ASSIGNMENT: Copy every entry. Do not alter a single word.

Data excerpts:
=== Section Start ===
(* Let $X$ be a (real) Banach space with $\dim X>1$. Then $D(X)\ge\sqrt{2}$. More precisely, if $Y$ is any nonzero Banach space, then $d(Y\oplus_1\mathbb{R},\,Y\oplus_2\mathbb{R})\ge d(\ell_1^2,\ell_2^2)=\sqrt2$.
   Context: For isomorphic Banach spaces $X_1,X_2$, $d(X_1,X_2)=\inf\{\|T\|\,\|T^{-1}\|\}$ over all linear isomorphisms $T$ of $X_1$ onto $X_2$; $D(X)=\sup\{d(X_1,X_2): X_1,X_2 \text{ isomorphic to } X\}$. $Y\oplus_p\mathbb{R}$ denotes $Y\times\mathbb{R}$ with norm $\|(y,t)\|=(\|y\|^p+|t|^p)^{1/p}$; $\ell_p^2$ is $\mathbb{R}^2$ with the $\ell_p$ norm. *)

From HB Require Import structures.
From mathcomp Require Import all_boot all_order all_algebra.
From mathcomp Require Import all_classical all_reals all_analysis.
From mathcomp Require Import ring lra.
Set Implicit Arguments. Unset Strict Implicit. Unset Printing Implicit Defensive.
Import Order.TTheory GRing.Theory Num.Theory.
Import numFieldNormedType.Exports.
Local Open Scope classical_set_scope.
Local Open Scope ring_scope.

Section Banach.
Variable R : realType.

Definition iso_pair (X Y : normedModType R) (T : X -> Y) (S : Y -> X) : Prop :=
  [/\ (forall (a : R) (x y : X), T (a *: x + y) = a *: T x + T y),
      cancel T S, cancel S T, continuous T & continuous S].

Definition isomorphic (X Y : normedModType R) : Prop :=
  exists (T : X -> Y) (S : Y -> X), iso_pair T S.

Definition opnorm (X Y : normedModType R) (T : X -> Y) : \bar R :=
  ereal_sup [set (`|T x|)%:E | x in [set x : X | `|x| <= 1]].

Definition bmdist (X Y : normedModType R) : \bar R :=
  ereal_inf [set r | exists (T : X -> Y) (S : Y -> X),
                       iso_pair T S /\ r = (opnorm T * opnorm S)%E].

Definition BMdiam (X : normedModType R) : \bar R :=
  ereal_sup [set r | exists (X1 X2 : normedModType R),
                       [/\ isomorphic X1 X, isomorphic X2 X & r = bmdist X1 X2]].

Definition dim_gt1 (X : normedModType R) : Prop :=
  exists x y : X, forall a b : R, a *: x + b *: y = 0 -> a = 0 /\ b = 0.

End Banach.

(* Y (+)_1 R : Y x R with norm ||y|| + |t| *)
Definition oplus1 (R : realType) (Y : normedModType R) : Type := (Y * R^o)%type.
(* Y (+)_2 R : Y x R with norm (||y||^2 + |t|^2)^(1/2) *)
Definition oplus2 (R : realType) (Y : normedModType R) : Type := (Y * R^o)%type.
=== Section End ===
TASK RESULT:
(* Let $X$ be a (real) Banach space with $\dim X>1$. Then $D(X)\ge\sqrt{2}$. More precisely, if $Y$ is any nonzero Banach space, then $d(Y\oplus_1\mathbb{R},\,Y\oplus_2\mathbb{R})\ge d(\ell_1^2,\ell_2^2)=\sqrt2$.
   Context: For isomorphic Banach spaces $X_1,X_2$, $d(X_1,X_2)=\inf\{\|T\|\,\|T^{-1}\|\}$ over all linear isomorphisms $T$ of $X_1$ onto $X_2$; $D(X)=\sup\{d(X_1,X_2): X_1,X_2 \text{ isomorphic to } X\}$. $Y\oplus_p\mathbb{R}$ denotes $Y\times\mathbb{R}$ with norm $\|(y,t)\|=(\|y\|^p+|t|^p)^{1/p}$; $\ell_p^2$ is $\mathbb{R}^2$ with the $\ell_p$ norm. *)

From HB Require Import structures.
From mathcomp Require Import all_boot all_order all_algebra.
From mathcomp Require Import all_classical all_reals all_analysis.
From mathcomp Require Import ring lra.
Set Implicit Arguments. Unset Strict Implicit. Unset Printing Implicit Defensive.
Import Order.TTheory GRing.Theory Num.Theory.
Import numFieldNormedType.Exports.
Local Open Scope classical_set_scope.
Local Open Scope ring_scope.

Section Banach.
Variable R : realType.

Definition iso_pair (X Y : normedModType R) (T : X -> Y) (S : Y -> X) : Prop :=
  [/\ (forall (a : R) (x y : X), T (a *: x + y) = a *: T x + T y),
      cancel T S, cancel S T, continuous T & continuous S].

Definition isomorphic (X Y : normedModType R) : Prop :=
  exists (T : X -> Y) (S : Y -> X), iso_pair T S.

Definition opnorm (X Y : normedModType R) (T : X -> Y) : \bar R :=
  ereal_sup [set (`|T x|)%:E | x in [set x : X | `|x| <= 1]].

Definition bmdist (X Y : normedModType R) : \bar R :=
  ereal_inf [set r | exists (T : X -> Y) (S : Y -> X),
                       iso_pair T S /\ r = (opnorm T * opnorm S)%E].

Definition BMdiam (X : normedModType R) : \bar R :=
  ereal_sup [set r | exists (X1 X2 : normedModType R),
                       [/\ isomorphic X1 X, isomorphic X2 X & r = bmdist X1 X2]].

Definition dim_gt1 (X : normedModType R) : Prop :=
  exists x y : X, forall a b : R, a *: x + b *: y = 0 -> a = 0 /\ b = 0.

End Banach.

(* Y (+)_1 R : Y x R with norm ||y|| + |t| *)
Definition oplus1 (R : realType) (Y : normedModType R) : Type := (Y * R^o)%type.
(* Y (+)_2 R : Y x R with norm (||y||^2 + |t|^2)^(1/2) *)
Definition oplus2 (R : realType) (Y : normedModType R) : Type := (Y * R^o)%type.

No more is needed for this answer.